FIG. 2 illustrates example procedure 200 of simulating secondary user presence using voice modulation, as described herein. In this example procedure 200, an incoming audio/video call is detected on a mobile device or smart home intercom (at 202), such as an incoming audio/video call from a communication device 114 or system. A determination is made (at 204) as to whether the audio emulation mode 138 of the system is activated. If the audio emulation mode 138 is not activated (i.e., “No” from 206), then the system continues in a standby operation (at 206). If the audio emulation mode 138 is activated (i.e., “Yes” from 204), then a voice audio is modulated to generate a simulated secondary user presence 116 (at 208) by the audio modulation manager 110.

Example methods 300, 400, and 500 are described with reference to respective FIGS. 3, 4, and 5 in accordance with one or more implementations of simulating secondary user presence using voice modulation, as described herein.

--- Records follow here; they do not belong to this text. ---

(* For every positive integer $r$, there exists a $2$-coverable connected binary matroid $M$ of rank $r$ such that in any rainbow circuit-free coloring of $M$ in which each color is used at most three times, the number of colors is at most $\lceil 6r/7\rceil$.
   Context: A coloring of the ground set is a partition into nonempty color classes; it is rainbow circuit-free if no circuit of $M$ has all its elements of pairwise different colors. A matroid is $k$-coverable if its ground set can be covered by at most $k$ independent sets. A matroid is connected if any two elements lie in a common circuit. A matroid is binary if it is representable over $GF(2)$. *)

(* Binary matroids are given as column (vector) matroids over GF(2):
   a family of vectors A : E -> 'rV['F_2]_m indexed by a finite ground set E. *)
From HB Require Import structures.
From mathcomp Require Import all_boot all_order all_algebra.
Set Implicit Arguments. Unset Strict Implicit. Unset Printing Implicit Defensive.
Import GRing.Theory.
Local Open Scope ring_scope.

Section BinaryMatroid.
Variables (E : finType) (m : nat) (A : E -> 'rV['F_2]_m).

Definition mindep (S : {set E}) : Prop :=
  forall c : E -> 'F_2, \sum_(e in S) c e *: A e = 0 -> forall e, e \in S -> c e = 0.

Definition mcircuit (C : {set E}) : Prop :=
  ~ mindep C /\ forall e, e \in C -> mindep (C :\ e).

Definition mrank_is (r : nat) : Prop :=
  (exists B : {set E}, mindep B /\ #|B| = r) /\
  (forall S : {set E}, mindep S -> (#|S| <= r)%N).

Definition mcoverable (k : nat) : Prop :=
  exists I : seq {set E}, (size I <= k)%N /\ (forall S, S \in I -> mindep S) /\
    (forall e : E, exists2 S, S \in I & e \in S).

Definition mconnected : Prop :=
  forall x y : E, x != y -> exists C : {set E}, mcircuit C /\ x \in C /\ y \in C.

(* a coloring is a partition P of the ground set into nonempty color classes
   (mathcomp's [partition] excludes the empty block); it is rainbow circuit-free
   if no circuit meets every color class in at most one element *)
Definition rainbow_circuit_free (P : {set {set E}}) : Prop :=
  forall C : {set E}, mcircuit C -> ~ (forall B, B \in P -> (#|C :&: B| <= 1)%N).

End BinaryMatroid.

From HB Require Import structures.
From mathcomp Require Import all_boot all_order all_algebra.
From mathcomp Require Import zify.
Set Implicit Arguments. Unset Strict Implicit. Unset Printing Implicit Defensive.
Import GRing.Theory.

(* Write r = 4k + t with 1 <= t <= 4 and take k disjoint copies of AG(3,2)
   (the eight odd-weight vectors of GF(2)^4, rank 4), t coloops, and one more
   element f, the sum of a fixed point of every copy and of all coloops.  This
   binary matroid has rank r, is covered by two independent sets, and f makes
   it connected.
   In a rainbow circuit-free colouring with classes of size at most 3, every
   plane of a copy repeats a colour, and an exhaustive check shows that a copy
   then carries at most 3 colours.  The t + 1 remaining elements bring at most
   t + 1 further colours, and the circuit formed by f, the coloops and the
   fixed points also repeats a colour, which saves one.  Hence there are at
   most 3k + t <= (6r + 6) / 7 colours. *)

Section VectorMatroid.
Local Open Scope ring_scope.
Variables (E : finType) (m : nat) (A : E -> 'rV['F_2]_m).

(* A dependency [c] of [C :\ e] minus [c e0] times the all-ones dependency of
   [C] is a dependency of the independent set [C :\ e0]. *)
Lemma mcircuit_sum0 (C : {set E}) e0 :
  \sum_(e in C) A e = 0 -> e0 \in C -> mindep A (C :\ e0) -> mcircuit A C.
Proof.
move=> sumC0 e0C indepC0; split.
  move=> /(_ (fun=> 1)); under eq_bigr do rewrite scale1r.
  by move=> /(_ sumC0 e0 e0C)/eqP; rewrite oner_eq0.
move=> e eC c sumc0 e' e'C.
have [eq_e_e0|ne_e_e0] := eqVneq e e0.
  by subst e; exact: indepC0 c sumc0 e' e'C.
pose d x := (if x == e then 0 else c x) - c e0.
have sumd0 : \sum_(x in C :\ e0) d x *: A x = 0.
  have : \sum_(x in C) d x *: A x = 0.
    under eq_bigr do rewrite scalerBl.
    rewrite sumrB -scaler_sumr sumC0 scaler0 subr0 (big_setD1 e eC) /= eqxx.
    by rewrite scale0r add0r -{2}sumc0; apply: eq_bigr => x /setD1P[/negbTE->].
  by rewrite (big_setD1 e0 e0C) /d /= eq_sym (negbTE ne_e_e0) subrr scale0r add0r.
have ce0 : c e0 = 0.
  have := indepC0 d sumd0 e; rewrite !inE eC ne_e_e0 /d eqxx sub0r => /(_ isT).
  by move/eqP; rewrite oppr_eq0 => /eqP.
have [-> //|ne_e'_e0] := eqVneq e' e0.
move: e'C; rewrite !inE => /andP[ne_e'_e e'C].
have := indepC0 d sumd0 e'; rewrite !inE ne_e'_e0 e'C /d (negbTE ne_e'_e) ce0.
by rewrite subr0 => /(_ isT).
Qed.

(* The [2 ^ #|S|] subset sums of an independent [S] are pairwise distinct. *)
Lemma mindep_card (S : {set E}) : mindep A S -> (#|S| <= m)%N.
Proof.
move=> indepS; pose sumA (T : {set E}) := \sum_(e in T) A e.
have sum_ind (T : {set E}) : T \subset S -> \sum_(e in S) (e \in T)%:R *: A e = sumA T.
  move=> sTS; rewrite /sumA (big_setID T) /= (setIidPr sTS).
  rewrite [X in _ + X]big1 ?addr0 => [|e /setDP[_ /negbTE->]]; last by rewrite scale0r.
  by apply: eq_bigr => e ->; rewrite scale1r.
have inj_sumA : {in powerset S &, injective sumA}.
  move=> T T'; rewrite !inE => sTS sT'S eqT; apply/setP => e.
  pose c e := (e \in T)%:R - (e \in T')%:R : 'F_2.
  have sumc0 : \sum_(e in S) c e *: A e = 0.
    under eq_bigr do rewrite scalerBl.
    by rewrite sumrB !sum_ind // eqT subrr.
  have [eS|eNS] := boolP (e \in S); last first.
    by rewrite (contraNF (subsetP sTS e)) // (contraNF (subsetP sT'S e)).
  move: (indepS c sumc0 e eS); rewrite /c => /eqP; rewrite subr_eq0.
  by case: (e \in T); case: (e \in T') => //= /eqP; rewrite ?oner_eq0 // eq_sym oner_eq0.
have := max_card (sumA @: powerset S).
rewrite card_in_imset // card_powerset card_mx card_Fp // mul1n.
by rewrite leq_exp2l.
Qed.

Lemma rainbow_circuit_free_pblock (P : {set {set E}}) (C : {set E}) :
  partition P [set: E] -> rainbow_circuit_free A P -> mcircuit A C ->
  exists u v, [/\ u \in C, v \in C, u != v & pblock P u = pblock P v].
Proof.
move=> partP rfP circC.
have [B /andP[BP CB2]|] := pickP [pred B | (B \in P) && (1 < #|C :&: B|)%N].
  have [u [v [/setIP[uC uB] /setIP[vC vB] neq_uv]]] := card_gt1P CB2.
  have tiP := partition_trivIset partP.
  by exists u, v; rewrite !(def_pblock tiP BP).
move=> noB; case: (rfP C circC) => B BP.
by move: (noB B); rewrite /= BP /= => /negbT; rewrite -leqNgt.
Qed.

End VectorMatroid.

Section BitRows.
Local Open Scope ring_scope.
Variables (E : finType) (m : nat) (b : E -> nat -> bool).

Definition bitrow (e : E) : 'rV['F_2]_m := \row_(j < m) (b e j)%:R.

(* By induction on [rk]: in the pivot column of [e], every other element of [S]
   with a nonzero entry has a smaller [rk], hence a zero coefficient. *)
Lemma mindep_bitrow (S : {set E}) (piv rk : E -> nat) :
  (forall e, e \in S -> (piv e < m)%N /\ b e (piv e)) ->
  (forall e e', e \in S -> e' \in S -> e' != e -> b e' (piv e) -> (rk e' < rk e)%N) ->
  mindep bitrow S.
Proof.
move=> pivP rkP c sumc0.
suff c0 N e : e \in S -> (rk e < N)%N -> c e = 0 by move=> e eS; exact: (c0 (rk e).+1).
elim: N e => [//|N IHN] e eS lt_rk_N.
have [lt_piv_m be] := pivP e eS.
move/(congr1 (fun v : 'rV_m => v 0 (Ordinal lt_piv_m))): sumc0.
rewrite summxE mxE (big_setD1 e eS) /= !mxE be mulr1 big1 ?addr0 //.
move=> e' /setD1P[ne_e'_e e'S]; rewrite !mxE /=.
case be': (b e' (piv e)); last by rewrite mulr0.
by rewrite IHN ?mul0r // (leq_trans (rkP e e' eS e'S ne_e'_e be')).
Qed.

Lemma sum_bitrow_eq0 (C : {set E}) :
  (forall j : 'I_m, ~~ odd #|[set e in C | b e j]|) -> \sum_(e in C) bitrow e = 0.
Proof.
move=> evenC; apply/rowP => j; rewrite summxE !mxE.
have -> : \sum_(e in C) bitrow e 0 j = (#|[set e in C | b e j]|)%:R.
  rewrite -sum1_card big_mkcond /= natr_sum [RHS]big_mkcond /=.
  by apply: eq_bigr => e _; rewrite !inE mxE; case: (e \in C); case: (b e j).
by rewrite -Fp_nat_mod // modn2 (negbTE (evenC j)).
Qed.
End BitRows.

Section CardBigcup.
Variables (I T : finType) (F : I -> {set T}).

Lemma leq_card_bigcup (P : pred I) :
  (#|\bigcup_(i | P i) F i| <= \sum_(i | P i) #|F i|)%N.
Proof.
elim/big_rec2: _ => [|i n U _ leUn]; first by rewrite cards0.
by rewrite (leq_trans (leq_card_setU _ _).1) ?leq_add2l.
Qed.

Lemma ltn_card_bigcup g h :
  g != h -> F g :&: F h != set0 -> (#|\bigcup_i F i| < \sum_i #|F i|)%N.
Proof.
move=> ne_gh meet_gh; rewrite (bigD1 g) //= [X in (_ < X)%N](bigD1 g) //= cardsU.
have meet_rest : (0 < #|F g :&: \bigcup_(i | i != g) F i|)%N.
  case/set0Pn: meet_gh => x /setIP[xg xh]; apply/card_gt0P; exists x.
  by rewrite inE xg; apply/bigcupP; exists h; rewrite // eq_sym.
have := leq_card_bigcup (fun i => i != g).
have := subset_leq_card (subsetIl (F g) (\bigcup_(i | i != g) F i)).
lia.
Qed.

End CardBigcup.

Lemma partition_pblock_imset (T : finType) (P : {set {set T}}) :
  partition P [set: T] -> P = pblock P @: [set: T].
Proof.
move=> partP; have tiP := partition_trivIset partP.
apply/setP => B; apply/idP/imsetP => [BP|[x _ ->]].
  have /set0Pn[x xB] := partition_neq0 partP BP.
  by exists x; rewrite // (def_pblock tiP BP xB).
by apply: pblock_mem; rewrite (cover_partition partP).
Qed.

Lemma card_ord_pred n (p : pred nat) : #|[set i : 'I_n | p i]| = count p (iota 0 n).
Proof.
rewrite cardsE cardE /enum_mem size_filter -enumT /= -val_enum_ord count_map.
exact: eq_count.
Qed.

Lemma count_iota_mod d n (p : pred nat) :
  count (fun i => p (i %% d)) (iota 0 (d * n)) = n * count p (iota 0 d).
Proof.
elim: n => [|n IHn]; first by rewrite muln0.
rewrite mulnSr iotaD count_cat IHn add0n mulSn addnC.
have -> : iota (d * n) d = map (addn (d * n)) (iota 0 d) by rewrite -iotaDl addn0.
rewrite count_map; congr (_ + _); apply: eq_in_count => x; rewrite mem_iota => /andP[_ lt_x].
by rewrite /= mulnC modnMDl modn_small.
Qed.

Lemma imset_setD1_collision (aT rT : finType) (f : aT -> rT) (A : {set aT}) u v :
  v \in A -> v != u -> f u = f v -> f @: A = f @: (A :\ u).
Proof.
move=> vA ne_vu fuv; apply/eqP; rewrite eqEsubset [X in _ && X]imsetS ?subsetDl // andbT.
apply/subsetP => _ /imsetP[x xA ->]; have [->|ne_xu] := eqVneq x u.
  by rewrite fuv imset_f // !inE ne_vu.
by rewrite imset_f // !inE ne_xu.
Qed.

(* The points of AG(3,2) are the eight odd-weight vectors of GF(2)^4, coded as
   4-bit integers; points 0..3 are the unit vectors. *)
Definition ag_code := [:: 1; 2; 4; 8; 7; 11; 13; 14].
Definition ag_bit (x j : nat) : bool := odd (nth 0 ag_code x %/ 2 ^ j).

Definition bit_parity (s : seq nat) (j : nat) : bool :=
  odd (count (fun x => (x \in s) && ag_bit x j) (iota 0 8)).

(* A pivoted list [(x, j)] lists points [x] with a pivot bit [j] of [x] that no
   later point of the list has: a certificate of linear independence. *)
Definition pivot_of (l : seq (nat * nat)) (x : nat) : nat :=
  nth 0 (unzip2 l) (index x (unzip1 l)).

Definition pivoted (l : seq (nat * nat)) : bool :=
  all (fun x => [&& x < 8, pivot_of l x < 4, ag_bit x (pivot_of l x) &
    all (fun y => [|| y == x, ~~ ag_bit y (pivot_of l x)
                    | index y (unzip1 l) < index x (unzip1 l)]) (unzip1 l)])
  (unzip1 l).

Lemma pivotedP (l : seq (nat * nat)) x : pivoted l -> x \in unzip1 l ->
  [/\ x < 8, pivot_of l x < 4, ag_bit x (pivot_of l x) &
      forall y, y \in unzip1 l -> y != x -> ag_bit y (pivot_of l x) ->
        index y (unzip1 l) < index x (unzip1 l)].
Proof.
move=> /allP/[apply]/and4P[lt_x8 lt_piv4 bit_x /allP later]; split=> // y /later.
by case/or3P=> [->|/negbTE->|].
Qed.

(* The 14 planes of AG(3,2), each given by one point and a pivoted list of
   the three others. *)
Definition ag_planes : seq (nat * seq (nat * nat)) :=
 [:: (0, [:: (4,0); (1,1); (2,2)]); (0, [:: (5,0); (1,1); (3,3)]);
     (0, [:: (6,0); (7,2); (1,1)]); (0, [:: (6,0); (2,2); (3,3)]);
     (0, [:: (5,0); (7,1); (2,2)]); (0, [:: (4,0); (7,1); (3,3)]);
     (4, [:: (5,1); (6,2); (0,0)]); (1, [:: (7,1); (2,2); (3,3)]);
     (1, [:: (5,1); (6,0); (2,2)]); (1, [:: (4,1); (6,0); (3,3)]);
     (4, [:: (5,0); (7,2); (1,1)]); (2, [:: (4,2); (5,0); (3,3)]);
     (4, [:: (6,0); (7,1); (2,2)]); (5, [:: (6,0); (7,1); (3,3)])].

Generally, any services, components, modules, managers, controllers, methods, and/or operations described herein can be implemented using software, firmware, hardware (e.g., fixed logic circuitry), manual processing, or any combination thereof. Some operations of the example methods may be described in the general context of executable instructions stored on computer-readable storage memory that is local and/or remote to a computer processing system, and implementations can include software applications, programs, functions, and the like. Alternatively or in addition, any of the functionality described herein can be performed, at least in part, by one or more hardware logic components, such as, and without limitation, Field-programmable Gate Arrays (FPGAs), Application-specific Integrated Circuits (ASICs), Application-specific Standard Products (ASSPs), System-on-a-chip systems (SoCs), Complex Programmable Logic Devices (CPLDs), and the like.

FIG. 3 illustrates example method(s) 300 for simulating secondary user presence using voice modulation. The order in which the method is described is not intended to be construed as a limitation, and any number or combination of the described method operations may be performed in any order to perform a method, or an alternate method.

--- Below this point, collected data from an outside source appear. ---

(* Let $\Gamma$ be a finite simple graph and $A_\Gamma$ the right-angled Artin group on $\Gamma$, with standard generating set $S=V(\Gamma)^{\pm1}$. Then for $g\in A_\Gamma\smallsetminus\{e\}$, $\kappa(g)=0$ if and only if $g$ is central in $A_\Gamma$; otherwise $\kappa(g)<0$.
   Context: The right-angled Artin group $A_\Gamma$ has generators the vertices of $\Gamma$ and relations $[u,v]=e$ for each edge $\{u,v\}$ of $\Gamma$. For a group with finite generating set $S$ ($S=S^{-1}$, $e\notin S$), $|x|$ is word length, $\mathrm{Av}(g)=\frac{1}{|S|}\sum_{a\in S}|a^{-1}ga|$, and for $g\neq e$ the curvature is $\kappa(g)=\frac{|g|-\mathrm{Av}(g)}{|g|}$. *)

From HB Require Import structures.
From Stdlib Require Import Relations.
From mathcomp Require Import all_boot all_order all_algebra.
From mathcomp Require Import boolp.
Set Implicit Arguments. Unset Strict Implicit. Unset Printing Implicit Defensive.
Import Order.TTheory GRing.Theory Num.Theory.

Local Open Scope ring_scope.

Section RAAG.
Variable T : finType.
Variable adj : rel T.

(* A letter (x, b) is the generator x if b = true and x^-1 if b = false.
   The standard generating set S = V(Gamma)^{+-1} is the finite type T * bool. *)
Definition letter := (T * bool)%type.
Definition word := seq letter.

Definition linv (a : letter) : letter := (a.1, ~~ a.2).
Definition winv (w : word) : word := rev (map linv w).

At 302, an incoming communication is detected in an environment. For example, the audio modulation manager 110 detects or receives the incoming communication 112, such as an audio/video call on a mobile phone or smart home intercom system, or from any other type of communication device 114 or system. An incoming communication 112 can include any type of communication and/or audio, such as from a person (e.g., a voice), a phone call, a video call, a doorbell ring, a knock, and/or any other type of communication or audio in the environment that is audibly detected or received by the audio modulation manager 110 of the system 102.

At 304, a determination is made simulate a secondary user presence of a secondary user in the environment using audio modulation. For example, the audio modulation manager 110 determines to simulate the secondary user presence 116 of a secondary user in the environment 100 using audio modulation (e.g., the modulated voice audio 118). The modulated voice audio 118 can be manipulated to sound like a person who is a homeowner, or the capable adult presence in a residence, and/or any other type of person who's presence would otherwise provide some additional level of safety and/or security to someone who is home alone.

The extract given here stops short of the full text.